Below are entries. Reproduce exactly the lines between the line holding "by rewrite !big_ord_recr /= IH big_split_ord." and the line holding "case: ifP eq_aa'", inclusive, and only those.

⟨

(* Let $G$ be a Tanner graph with largest right (check-node) degree $d_r^+$ and $t$-value $t$, so every irreducible lift-realizable pseudocodeword $p=(p_1,\dots,p_n)$ of $G$ has $0\le p_i\le t$. Then the smallest lift degree $m_{\min}$ needed to realize all irreducible pseudocodewords of $G$ satisfies \[ m_{\min}\le \max_{u_j}\frac{\sum_{v_i\in N(u_j)}p_i}{2}\le \frac{t\,d_r^+}{2},\] where the maximum is over all check nodes $u_j$ of $G$ and $N(u_j)$ is the set of variable-node neighbours of $u_j$ (for each irreducible pseudocodeword $p$, the middle quantity bounds the smallest degree of a lift realizing $p$).
   Context: A Tanner graph $G$ is a finite bipartite graph with variable nodes $v_1,\dots,v_n$ and check nodes $u_1,\dots,u_m$; it defines the binary code of all $x\in\{0,1\}^n$ such that every check node has an even number of neighbours $v_i$ with $x_i=1$. A degree-$\ell$ lift of $G$ replaces each node by a cloud of $\ell$ copies and each edge $(x,y)$ by a perfect matching between the clouds. A lift-realizable pseudocodeword $p\in\mathbb{Z}_{\ge0}^n$ is obtained from a codeword of the code of some finite lift by letting $p_i$ be the number of copies of $v_i$ assigned 1; $p$ is realized in that lift. A pseudocodeword is irreducible if it cannot be written as a sum of two or more nonzero codewords or pseudocodewords. The $t$-value of $G$ is the maximum component value of an irreducible pseudocodeword of $G$. *)

From mathcomp Require Import all_boot all_fingroup.
Set Implicit Arguments. Unset Strict Implicit. Unset Printing Implicit Defensive.

(* A Tanner graph with variable nodes 'I_n and check nodes 'I_m is given by
   its adjacency relation adj : 'I_n -> 'I_m -> bool
   (adj i j  <=>  v_i -- u_j is an edge). *)

(* A degree-l lift: for every edge (v_i,u_j) a perfect matching between the
   clouds {(i,a) | a < l} and {(j,b) | b < l}, given as a permutation sigma i j
   of 'I_l: copy a of v_i is joined to copy (sigma i j a) of u_j.
   (Entries sigma i j for non-edges are irrelevant.) *)
Definition lift_perms (n m l : nat) := 'I_n -> 'I_m -> {perm 'I_l}.

(* x : assignment of bits to the copies of the variable nodes; it is a codeword
   of the lifted code iff every copy (j,b) of every check node has an even
   number of neighbours assigned 1. *)
Definition lift_codeword (n m l : nat) (adj : 'I_n -> 'I_m -> bool)
    (sigma : lift_perms n m l) (x : 'I_n -> 'I_l -> bool) : Prop :=
  forall (j : 'I_m) (b : 'I_l),
    ~~ odd (\sum_(i < n | adj i j) \sum_(a < l | sigma i j a == b) nat_of_bool (x i a)).

Definition realized_in_degree (n m : nat) (adj : 'I_n -> 'I_m -> bool)
    (p : 'I_n -> nat) (l : nat) : Prop :=
  0 < l /\
  exists (sigma : lift_perms n m l) (x : 'I_n -> 'I_l -> bool),
    lift_codeword adj sigma x /\
    forall i : 'I_n, p i = #|[set a : 'I_l | x i a]|.

Definition pseudocodeword (n m : nat) (adj : 'I_n -> 'I_m -> bool)
    (p : 'I_n -> nat) : Prop :=
  exists l, realized_in_degree adj p l.

Definition nonzero_vec (n : nat) (p : 'I_n -> nat) : Prop := exists i, p i != 0.

(* irreducible: a nonzero pseudocodeword that is not the sum of two or more
   nonzero pseudocodewords (codewords are the pseudocodewords of degree-1
   lifts, so they are included). *)
Definition irreducible_pcw (n m : nat) (adj : 'I_n -> 'I_m -> bool)
    (p : 'I_n -> nat) : Prop :=
  pseudocodeword adj p /\ nonzero_vec p /\
  ~ exists qs : seq ('I_n -> nat),
      1 < size qs /\
      (forall k, k < size qs ->
         pseudocodeword adj (nth (fun _ => 0) qs k) /\ nonzero_vec (nth (fun _ => 0) qs k)) /\
      (forall i, p i = \sum_(q <- qs) q i).

Definition is_t_value (n m : nat) (adj : 'I_n -> 'I_m -> bool) (t : nat) : Prop :=
  (forall p, irreducible_pcw adj p -> forall i, p i <= t) /\
  (exists p, irreducible_pcw adj p /\ exists i, p i = t).

Definition max_check_degree (n m : nat) (adj : 'I_n -> 'I_m -> bool) : nat :=
  \max_(j < m) #|[set i : 'I_n | adj i j]|.

Definition max_check_sum (n m : nat) (adj : 'I_n -> 'I_m -> bool)
    (p : 'I_n -> nat) : nat :=
  \max_(j < m) \sum_(i < n | adj i j) p i.

From mathcomp Require Import all_boot all_fingroup zify.
Set Implicit Arguments. Unset Strict Implicit. Unset Printing Implicit Defensive.

(* In any lift realizing p, each copy of a check node u_j sees an even number
   of ones, so the check sum S_j = \sum_(v_i in N(u_j)) p_i is even, and a one
   at a copy of v_i must be matched by another one at the same check copy,
   whence 2 p_i <= S_j. Conversely, under these two conditions p is realized
   in every lift of degree l >= S_j / 2 (for all j): at u_j, lay the ones of
   the neighbours of u_j out consecutively and wrap them around the first
   S_j / 2 copies of u_j, so that each of these copies receives exactly two
   ones, coming from two distinct neighbours because p_i <= S_j / 2. Taking
   l = max_j S_j / 2 gives the lift; since p is irreducible its entries are at
   most t, so S_j <= t deg(u_j) <= t d_r^+. *)

Lemma sum_perm_fiber l (s : {perm 'I_l}) (F : 'I_l -> nat) (b : 'I_l) :
  \sum_(a < l | s a == b) F a = F (s^-1 b)%g.
Proof.
rewrite (big_pred1 (s^-1 b)%g) // => a.
by apply/eqP/eqP => [<-|->]; rewrite ?permK ?permKV.
Qed.

Lemma card_set_perm l (s : {perm 'I_l}) (P : pred 'I_l) :
  #|[set a | P a]| = \sum_(b < l) P (s^-1 b)%g.
Proof.
rewrite -sum1_card (reindex_inj (@perm_inj _ s^-1%g)) big_mkcond /=.
by apply: eq_bigr => b _; rewrite inE; case: (P _).
Qed.

Lemma even_sum (I : Type) (r : seq I) (P : pred I) (F : I -> nat) :
  (forall i, P i -> ~~ odd (F i)) -> ~~ odd (\sum_(i <- r | P i) F i).
Proof.
move=> evenF; apply: (big_ind (fun k => ~~ odd k)) => // a b.
by rewrite oddD => /negbTE-> /negbTE->.
Qed.

Lemma double_le_even_addl (c : bool) (e : nat) : ~~ odd (c + e) -> 2 * c <= c + e.
Proof. by case: c => //=; case: e. Qed.

Lemma sum_blocks (w F : nat -> nat) (N : nat) :
  \sum_(k < N) \sum_(a < w k) F (\sum_(k' < k) w k' + a)
  = \sum_(c < \sum_(k < N) w k) F c.
Proof.
elim: N => [|N IH]; first by rewrite !big_ord0.
by rewrite !big_ord_recr /= IH big_split_ord.
Qed.

Lemma even_sum_blocks_mod (w : nat -> nat) (N L b : nat) :
  \sum_(k < N) w k = L + L ->
  ~~ odd (\sum_(k < N) \sum_(a < w k) ((\sum_(k' < k) w k' + a) %% L == b : nat)).
Proof.
move=> sum_w; rewrite (sum_blocks w (fun c => (c %% L == b : nat))) sum_w.
rewrite big_split_ord /=.
under [X in _ + X]eq_bigr => c _ do rewrite modnDl.
by rewrite addnn odd_double.
Qed.

Section RotatePrefix.
Variables l L : nat.
Hypothesis leLl : L <= l.

Definition rot_prefix (o : nat) (a : 'I_l) : 'I_l :=
  insubd a (if a < L then (o + a) %% L else val a).

Lemma rot_prefix_val o a :
  val (rot_prefix o a) = if a < L then (o + a) %% L else val a.
Proof.
rewrite /rot_prefix val_insubd; case: (ltnP a L) => aL; last by rewrite ltn_ord.
by rewrite (leq_trans _ leLl) // ltn_pmod // (leq_ltn_trans _ aL).
Qed.

Lemma rot_prefix_inj o : injective (rot_prefix o).
Proof.
have modL_lt (a : 'I_l) : a < L -> (o + a) %% L < L.
  by move=> aL; rewrite ltn_pmod // (leq_ltn_trans _ aL).
move=> a a' /(congr1 val); rewrite !rot_prefix_val => eq_aa'; apply: val_inj.
case: ifP eq_aa' => aL; case: ifP => a'L //= eq_aa'.
- by apply/eqP; move/eqP: eq_aa'; rewrite eqn_modDl !modn_small.
- by have := modL_lt _ aL; rewrite eq_aa' a'L.
- by have := modL_lt _ a'L; rewrite -eq_aa' aL.
Qed.

Definition rot_perm (o : nat) : {perm 'I_l} := perm (@rot_prefix_inj o).

Lemma sum_rot_perm_fiber o k (b : 'I_l) : k <= L ->
  \sum_(a < l | rot_perm o a == b) (a < k : nat)
  = \sum_(a < k) ((o + a) %% L == b : nat).
Proof.
move=> le_kL; have le_kl := leq_trans le_kL leLl.
rewrite (big_ord_widen l (fun a => (o + a) %% L == b : nat) le_kl).
rewrite big_mkcond [RHS]big_mkcond /=.
apply: eq_bigr => a _; rewrite permE -val_eqE rot_prefix_val.
case: (ltnP a k) => ak; last by case: ifP.
by rewrite (leq_trans ak le_kL); case: ifP.
Qed.

End RotatePrefix.

Section TannerGraph.
Variables n m : nat.
Variable adj : 'I_n -> 'I_m -> bool.

Definition check_sum (p : 'I_n -> nat) (j : 'I_m) : nat := \sum_(i < n | adj i j) p i.

Section Realization.
Variables (l : nat) (sigma : lift_perms n m l) (x : 'I_n -> 'I_l -> bool).
Hypothesis x_codeword : lift_codeword adj sigma x.

Definition copy_weight (j : 'I_m) (b : 'I_l) : nat :=
  \sum_(i < n | adj i j) x i ((sigma i j)^-1 b)%g.

Lemma copy_weight_even j b : ~~ odd (copy_weight j b).
Proof.
have := x_codeword j b; congr (~~ odd _); apply: eq_bigr => i _.
exact: sum_perm_fiber.
Qed.

Lemma check_sum_copy_weights (p : 'I_n -> nat) j :
  (forall i, p i = #|[set a | x i a]|) ->
  check_sum p j = \sum_(b < l) copy_weight j b.
Proof.
move=> def_p; rewrite /check_sum /copy_weight [RHS]exchange_big /=.
by apply: eq_bigr => i _; rewrite def_p (card_set_perm (sigma i j)).
Qed.

End Realization.

Lemma realized_check_sum_even p l j :
  realized_in_degree adj p l -> ~~ odd (check_sum p j).
Proof.
case=> _ [sigma [x [x_cw def_p]]]; rewrite (check_sum_copy_weights sigma j def_p).
by apply: even_sum => b _; exact: copy_weight_even.
Qed.

Lemma realized_double_le_check_sum p l i j :
  realized_in_degree adj p l -> adj i j -> 2 * p i <= check_sum p j.
Proof.
case=> _ [sigma [x [x_cw def_p]]] adj_ij.
rewrite (check_sum_copy_weights sigma j def_p) def_p (card_set_perm (sigma i j)).
rewrite big_distrr /=; apply: leq_sum => b _.
have := copy_weight_even x_cw j b; rewrite /copy_weight (bigD1 i) //=.
exact: double_le_even_addl.
Qed.

Lemma realized_of_check_sums p l :
  (forall i, exists j, adj i j) -> 0 < l ->
  (forall j, ~~ odd (check_sum p j)) ->
  (forall i j, adj i j -> 2 * p i <= check_sum p j) ->
  (forall j, (check_sum p j)./2 <= l) ->
  realized_in_degree adj p l.
Proof.
move=> adj_total l_gt0 even_S le_pS le_Sl; split=> //.
(* Indexing by nat lets the ones of the neighbours of u_j be laid out in blocks
   of sizes [w j 0], [w j 1], ..., the block of v_i starting at offset
   [\sum_(k < i) w j k]. *)
pose w j k := if insub k is Some i then (if adj i j then p i else 0) else 0.
have check_sum_w j : check_sum p j = \sum_(k < n) w j k.
  by rewrite /check_sum big_mkcond; apply: eq_bigr => i _; rewrite /w valK.
have double_half j : (check_sum p j)./2 + (check_sum p j)./2 = check_sum p j.
  by rewrite addnn -[RHS]odd_double_half (negbTE (even_S j)).
have le_p_half i j : adj i j -> p i <= (check_sum p j)./2.
  by move=> adj_ij; have := le_pS i j adj_ij; have := double_half j; lia.
pose sigma : lift_perms n m l :=
  fun i j => rot_perm (le_Sl j) (\sum_(k < i) w j k).
exists sigma, (fun i a => a < p i); split; last first.
  move=> i; have [j adj_ij] := adj_total i.
  rewrite -sum1_card (eq_bigl (fun a : 'I_l => a < p i)) => [|a]; last by rewrite inE.
  have le_pl := leq_trans (le_p_half i j adj_ij) (le_Sl j).
  by rewrite -(big_ord_widen l (fun _ => 1) le_pl) sum1_card card_ord.
move=> j b; rewrite big_mkcond /= (eq_bigr (fun i : 'I_n => \sum_(a < w j i)
    ((\sum_(k < i) w j k + a) %% (check_sum p j)./2 == b : nat))); last first.
  move=> i _; rewrite /w valK; case: ifP => adj_ij; last by rewrite big_ord0.
  by rewrite sum_rot_perm_fiber ?le_p_half.
by apply: even_sum_blocks_mod; rewrite -check_sum_w double_half.
Qed.

Lemma check_sum_le_degree p t j :
  (forall i, p i <= t) -> check_sum p j <= t * #|[set i | adj i j]|.
Proof.
move=> le_pt; apply: (@leq_trans (\sum_(i < n | adj i j) t)).
  by apply: leq_sum => i _; exact: le_pt.
by rewrite -sum1_card big_distrr /= muln1; under [leqRHS]eq_bigl do rewrite inE.
Qed.

End TannerGraph.

Theorem theorem5 (n m : nat) (adj : 'I_n -> 'I_m -> bool) (t : nat) :
  (forall i : 'I_n, exists j : 'I_m, adj i j) ->
  is_t_value adj t ->
  forall p : 'I_n -> nat, irreducible_pcw adj p ->
    (exists l, realized_in_degree adj p l /\ l * 2 <= max_check_sum adj p) /\
    max_check_sum adj p <= t * max_check_degree adj.
Proof.
move=> adj_total [le_t _] p p_irr; have [[l0 p_real] [[i0 p_i0] _]] := p_irr.
set M := max_check_sum adj p.
have le_SM j : check_sum adj p j <= M := leq_bigmax (F := check_sum adj p) j.
split.
  exists M./2; split; last by rewrite muln2 -[leqRHS]odd_double_half leq_addl.
  apply: realized_of_check_sums => // [||i j|j].
  - have [j adj_i0j] := adj_total i0.
    have := realized_double_le_check_sum p_real adj_i0j; have := le_SM j.
    have := odd_double_half M; move: p_i0; lia.
  - by move=> j; exact: realized_check_sum_even p_real.
  - exact: realized_double_le_check_sum p_real.
  - exact: half_leq (le_SM j).
apply/bigmax_leqP => j _; apply: leq_trans (check_sum_le_degree adj j (le_t p p_irr)) _.
by rewrite leq_mul2l (leq_bigmax (F := fun j => #|[set i | adj i j]|)) orbT.
Qed.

⟩

» Answer box:
by rewrite !big_ord_recr /= IH big_split_ord.
Qed.

Lemma even_sum_blocks_mod (w : nat -> nat) (N L b : nat) :
  \sum_(k < N) w k = L + L ->
  ~~ odd (\sum_(k < N) \sum_(a < w k) ((\sum_(k' < k) w k' + a) %% L == b : nat)).
Proof.
move=> sum_w; rewrite (sum_blocks w (fun c => (c %% L == b : nat))) sum_w.
rewrite big_split_ord /=.
under [X in _ + X]eq_bigr => c _ do rewrite modnDl.
by rewrite addnn odd_double.
Qed.

Section RotatePrefix.
Variables l L : nat.
Hypothesis leLl : L <= l.

Definition rot_prefix (o : nat) (a : 'I_l) : 'I_l :=
  insubd a (if a < L then (o + a) %% L else val a).

Lemma rot_prefix_val o a :
  val (rot_prefix o a) = if a < L then (o + a) %% L else val a.
Proof.
rewrite /rot_prefix val_insubd; case: (ltnP a L) => aL; last by rewrite ltn_ord.
by rewrite (leq_trans _ leLl) // ltn_pmod // (leq_ltn_trans _ aL).
Qed.

Lemma rot_prefix_inj o : injective (rot_prefix o).
Proof.
have modL_lt (a : 'I_l) : a < L -> (o + a) %% L < L.
  by move=> aL; rewrite ltn_pmod // (leq_ltn_trans _ aL).
move=> a a' /(congr1 val); rewrite !rot_prefix_val => eq_aa'; apply: val_inj.
case: ifP eq_aa' => aL; case: ifP => a'L //= eq_aa'.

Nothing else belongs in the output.